日本は、結局、そんな中、ABCDラインによる封じ込めを打開する交渉に当たるが、いわゆる「ハル・ノー
ト」と呼ばれるアメリカからの通告により、戦争以外の選択の余地はなくなってしまったのだ。
さらに、祖父の兄がなぜシベリアへ行かされて、つらい思いをしなければならなかったかも、分かった。第
二次世界大戦終結へ向けての会議に、アメリカとイギリスは、なんとロシアを出席させた。そして、ロシア
は、日本と戦うことになったのだ。その結果、満州にいた日本兵が捕虜となり、シベリアに抑留された。劣悪
な環境の中で、過酷な労働を強いられ、たくさんの人が死んでいったのだ。祖父の兄もそこで労働させられて
いたんだ。祖父の兄はそこでいったいどんなことを考えていたのだろう。
さて、筆者は、日本人が日本人の心を養い、その心を身につけることが急務であると、この本のいたる所で
くり返し訴えている。自分が日本人という自覚を明確にしていかなければ、国際化の進む社会の大きなうねり
の中では、自分を見失ってしまう。というのである。自分が作られた国を愛する気持ちを持たなければ、他の
国々の違いを明確にして認め合い、お互いに受け入れていく関係になることはできないそうだ。

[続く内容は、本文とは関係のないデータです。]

Lemma rep_minus_idm_quasi_additive g h :
  negligible (fun n => nrms (S n) a a (minus (du (gmul G g h)) (plus (du g) (du h))))
             (fun n => nrms (S n) a a (du h)).
Proof.
  intros eps Heps.
  assert (Hd : Fmor D (du g) = zero).
  { unfold du. rewrite (is_linear_minus _ _ _ (HD a a)), HtrivD, (Fid _ _ D).
    exact (minus_eq_zero _). }
  assert (Hcomp : forall c : Hom C a a, comp C (du g) c = minus (comp C (Rp g) c) c).
  { intros c. unfold du.
    rewrite (is_linear_minus (fun f => comp C f c) _ _ (proj1 HC a a a c)), (comp_id_l _ C).
    reflexivity. }
  assert (Hcocycle : minus (du (gmul G g h)) (plus (du g) (du h))
                     = minus (comp C (du g) (Rp h)) (comp C (du g) (idm C a))).
  { unfold du at 1 2 3. rewrite !Hcomp, (comp_id_r _ C), (proj2 Hrep).
    apply minus_minus_cocycle. }
  rewrite Hcocycle. exact (comp_null_eventually _ _ _ _ _ _ eps Hd Heps).
Qed.
End DifferentialCategory.

Lemma rep_trivial_of_generators (G : Group) (S : list (gcar G))
    {K : AbsRing} (C : VCategory K) (a : Obj C) (Rp : gcar G -> Hom C a a) :
  (forall g, generated G S g) -> is_representation G C a Rp ->
  (forall s, In s S -> Rp s = idm C a) -> trivial_rep G C a Rp.
Proof.
  intros HS [Rp_one Rp_mul] HRS g.
  induction (HS g) as [s Hs | | g h _ IHg _ IHh | g _ IHg].
  - apply HRS, Hs.
  - exact Rp_one.
  - rewrite Rp_mul, IHg, IHh. apply (comp_id_l _ C).
  - transitivity (comp C (Rp (ginv G g)) (Rp g)).
    + rewrite IHg. symmetry. apply (comp_id_r _ C).
    + rewrite <- Rp_mul, (gmul_Vl G). exact Rp_one.
Qed.

Theorem representation_trichotomy {K : AbsRing} {iota : R -> K}
    (Hiota : real_embedding iota) :
  forall (G : Group), finitely_generated G ->
  forall (C B : VCategory K) (nrmB : cat_norm B) (D : Functor C B),
    differential_category C B nrmB D ->
  forall (a : Obj C) (Rp : gcar G -> Hom C a a),
    is_representation G C a Rp ->
    trivial_rep G C a Rp
    \/ ~ trivial_rep G B (Fob D a) (fun g => Fmor D (Rp g))
    \/ exists phi : gcar G -> K, additive_hom G phi /\ exists g, phi g <> zero.
Proof.
  intros G [gens HS] C B nrmB D [HC [[_ [HnrmB _]] [HD [nrms [Hnrms Hlim]]]]] a Rp Hrep.
  destruct (classic (trivial_rep G C a Rp)) as [Htriv | Hntriv]; [left; exact Htriv |].
  destruct (classic (trivial_rep G B (Fob D a) (fun g => Fmor D (Rp g))))
    as [HtrivD | HntrivD]; [| right; left; exact HntrivD].
  right; right.
  assert (Hs0 : exists s0, In s0 gens /\ Rp s0 <> idm C a).
  { apply NNPP. intros Hnone.
    apply Hntriv, (rep_trivial_of_generators G gens); [exact HS | exact Hrep |].
    intros s Hs. apply NNPP. intros Hne. apply Hnone. exists s. auto. }
  destruct Hs0 as [s0 [Hs0 Hns0]].
  destruct (exists_additive_of_quasi_additive Hiota
              (fun n => Hnrms (S n) ltac:(lia) a a) G gens HS
              (fun g => minus (Rp g) (idm C a))
              (rep_minus_idm_one G a Rp Hrep)
              (rep_minus_idm_quasi_additive HC HnrmB HD nrms Hnrms Hlim G a Rp Hrep HtrivD)
              s0 Hs0 (fun H => Hns0 (minus_eq_zero_eq _ _ H)))
    as [phi [Hphi [g Hg]]].
  exists (fun g => iota (phi g)). split.
  - intros x y. simpl. rewrite Hphi. apply (iota_plus _ Hiota).
  - exists g. rewrite (iota_eq0 Hiota). exact Hg.
Qed.

Theorem theorem3p17 :
  forall (K : AbsRing), (K = R_AbsRing \/ K = C_AbsRing) ->
  forall (G : Group), finitely_generated G ->
  forall (C B : VCategory K) (nrmB : cat_norm B) (D : Functor C B),
    differential_category C B nrmB D ->
  forall (a : Obj C) (Rp : gcar G -> Hom C a a),
    is_representation G C a Rp ->
    trivial_rep G C a Rp
    \/ ~ trivial_rep G B (Fob D a) (fun g => Fmor D (Rp g))
    \/ exists phi : gcar G -> K, additive_hom G phi /\ exists g, phi g <> zero.
Proof.
  intros K [-> | ->].
  - exact (representation_trichotomy real_embedding_R).
  - exact (representation_trichotomy real_embedding_C).
Qed.
(* Let $E$ be a pseudo effect algebra satisfying (RDP). Then $\mathcal J(E)$ is an Abelian Dedekind complete lattice-ordered real vector space (Riesz space) under $\le^+$, and for any $m_1,\dots,m_n\in\mathcal J(E)$ and every $x\in E$: $$\Big(\bigvee_{i=1}^n m_i\Big)(x)=\sup\{m_1(x_1)+\cdots+m_n(x_n):\ x=x_1+\cdots+x_n,\ x_1,\dots,x_n\in E\},$$ $$\Big(\bigwedge_{i=1}^n m_i\Big)(x)=\inf\{m_1(x_1)+\cdots+m_n(x_n):\ x=x_1+\cdots+x_n,\ x_1,\dots,x_n\in E\}.$$
   Context: Pseudo effect algebra: partial algebra $(E;+,0,1)$ such that for all $a,b,c$: (i) $a+b$ and $(a+b)+c$ exist iff $b+c$ and $a+(b+c)$ exist, and then they are equal; (ii) there is exactly one $d$ and one $e$ with $a+d=e+a=1$; (iii) if $a+b$ exists there are $d,e$ with $a+b=d+a=b+e$; (iv) if $1+a$ or $a+1$ exists then $a=0$. (RDP): whenever $a_1+a_2=b_1+b_2$ there are $d_1,\dots,d_4$ with $d_1+d_2=a_1$, $d_3+d_4=a_2$, $d_1+d_3=b_1$, $d_2+d_4=b_2$. A signed measure is $m:E\to\mathbb R$ additive on defined sums; a measure is a nonnegative signed measure; $m_1\le^+m_2$ iff $m_2-m_1$ is a measure. $\mathcal J(E)$ is the set of signed measures that are differences of two measures, with pointwise operations. *)

From Stdlib Require Import Reals.
Open Scope R_scope.

Section PEA.
Variable E : Type.
Variable add : E -> E -> option E.   (* partial operation + ; None = undefined *)
Variables zero one : E.

Definition obind (o : option E) (f : E -> option E) : option E :=
  match o with Some a => f a | None => None end.

Definition is_PEA : Prop :=
  (* (i): (a+b)+c defined iff a+(b+c) defined, and then equal *)
  (forall a b c, obind (add a b) (fun ab => add ab c)
              = obind (add b c) (fun bc => add a bc)) /\
  (forall a, (exists! d, add a d = Some one) /\ (exists! e, add e a = Some one)) /\
  (forall a b s, add a b = Some s ->
      exists d e, add d a = Some s /\ add b e = Some s) /\
  (forall a, ((exists s, add one a = Some s) \/ (exists s, add a one = Some s)) ->
      a = zero).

この本を読んで、ぼくは、戦争のことも良く分かったが、それと同時に、ぼくがこれから何を考え、国際社
会の中で日本人としてどう行動していかなくてはならないか、どう生きていかなくてはならないかのヒントを
もらったように思う。この夏、ぼくは、中学生海外研修事業でオーストラリアへ行った。とても勉強になった
けれど、大切なのは、その経験をこれからどう自分のものにし、行動していくかなんだと思う。
祖父の悲しそうな顔を、もう二度と見なくてよくなるように願いながら…。